What is a model of $RCA_0$ plus the negation of the weak Konig's lemma?

This came up in conversation with someone and I couldn't find anything with a cursory search.

Answer 1

Elaborating on Carl Mummert's comment, the standard example is REC - this is the $\omega$-model (= standard first-order part) with just the recursive (or computable) sets. It is the smallest $\omega$-model of RCA$_0$.

To see that REC doesn't satisfy Weak Konig's Lemma, it's enough to show that there is a computable tree $T\subseteq 2^{<\omega}$ with no computable path. There are many well-known examples of such trees, the most natural in my opinion being the DNR$_2$ tree: a finite binary sequence $\sigma$ is on the DNR$_2$ tree iff for each $i<\vert\sigma\vert$ we have $$\neg(\Phi_i(i)[\vert\sigma\vert]\downarrow=\sigma(i))$$ where $(\Phi_i)_{i\in\omega}$ is some reasonable enumeration of the partial recursive binary functions. Since the defining property only refers to bounded-length computations, this tree is indeed computable. That is, the DNR$_2$ tree is in REC.

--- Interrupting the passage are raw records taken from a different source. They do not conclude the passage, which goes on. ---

(* Groups are written additively, so
   the neutral element 1 of G is 0 here and \bar 1 is inr 0.

   The pivot: in a commutative loop every generator of the inner mapping group
   is the identity or a left inner mapping L_{x,y}, so Q is an A-loop iff
   every L_{x,y} is a homomorphism ("left inner automorphic"), a property
   invariant under isomorphism. *)

Definition left_inner_automorphic (Q : Type) (mul : Q -> Q -> Q) : Prop :=
  forall x y (h : Q -> Q), (forall z, mul (mul y x) (h z) = mul y (mul x z)) ->
    forall u v, h (mul u v) = mul (h u) (h v).

Lemma loop_iso_sym (Q1 Q2 : Type) (m1 : Q1 -> Q1 -> Q1) (m2 : Q2 -> Q2 -> Q2) :
  loop_iso m1 m2 -> loop_iso m2 m1.
Proof.
move=> [phi [[psi phiK psiK] phiM]]; exists psi; split; first by exists phi.
by move=> x y; apply: (can_inj phiK); rewrite phiM !psiK.
Qed.

(* L_{x,y} in Q1 is conjugate to L_{phi x, phi y} in Q2 *)
Lemma left_inner_automorphic_iso (Q1 Q2 : Type) (m1 : Q1 -> Q1 -> Q1)
    (m2 : Q2 -> Q2 -> Q2) :
  loop_iso m1 m2 -> left_inner_automorphic m2 -> left_inner_automorphic m1.
Proof.
move=> [phi [[psi phiK psiK] phiM]] hA x y h hL u v.
pose h2 := phi \o h \o psi.
have h2L z : m2 (m2 (phi y) (phi x)) (h2 z) = m2 (phi y) (m2 (phi x) z).
  by rewrite /h2 /= -!phiM hL -{2}(psiK z) -!phiM.
apply: (can_inj phiK); rewrite !phiM.
have E w : phi (h w) = h2 (phi w) by rewrite /h2 /= phiK.
by rewrite !E phiM (hA _ _ _ h2L).
Qed.

(* isomorphisms map middle nucleus onto middle nucleus *)
Lemma nucleus_index_iso (Q1 Q2 : Type) (m1 : Q1 -> Q1 -> Q1) (m2 : Q2 -> Q2 -> Q2) :
  loop_iso m1 m2 -> index_le2 m2 (middle_nucleus m2) ->
  index_le2 m1 (middle_nucleus m1).
Proof.
move=> [phi [[psi phiK psiK] phiM]] [c hc].
have nuc y : middle_nucleus m2 (phi y) -> middle_nucleus m1 y.
  by move=> hy x z; apply: (can_inj phiK); rewrite !phiM hy.
exists (psi c) => x; case: (hc (phi x)) => [hx|[h hh Ex]]; first by left; apply: nuc.
right; exists (psi h); first by apply: nuc; rewrite psiK.
by apply: (can_inj phiK); rewrite phiM !psiK.
Qed.

Section CommutativeLoop.
Variables (Q : Type) (mul : Q -> Q -> Q) (e : Q).
Hypotheses (hl : is_loop mul e) (hc : loop_commutative mul).
Local Notation "x * y" := (mul x y).
Local Notation nucleus := (middle_nucleus mul).

Lemma mul1q x : e * x = x. Proof. by case: hl => /(_ x) []. Qed.
Lemma mulq1 x : x * e = x. Proof. by case: hl => /(_ x) []. Qed.
Lemma mulqI x : injective (mul x). Proof. by case: hl => _ /(_ x) /bij_inj. Qed.
Lemma mulIq x : injective (mul^~ x). Proof. by move=> y z; rewrite /= ![_ * x]hc => /mulqI. Qed.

So why does REC think it has no paths? Well, the DNR$_2$ tree is trying to "diagonalize" against all the computable functions (and indeed "DNR" stands for "Diagonally Non-Recursive" - the "$2$" is because we're looking at binary functions): if $f$ is a path through the DNR$_2$ tree, we know that $f$ can't be computed by $\Phi_e$ because the $e$th bit of $f$ is different from the $e$th bit of the real computed by $\Phi_e$ (if the latter even exists!). Such functions obviously exist, but just as obviously aren't computable, so the DNR$_2$ tree is infinite but has no computable path.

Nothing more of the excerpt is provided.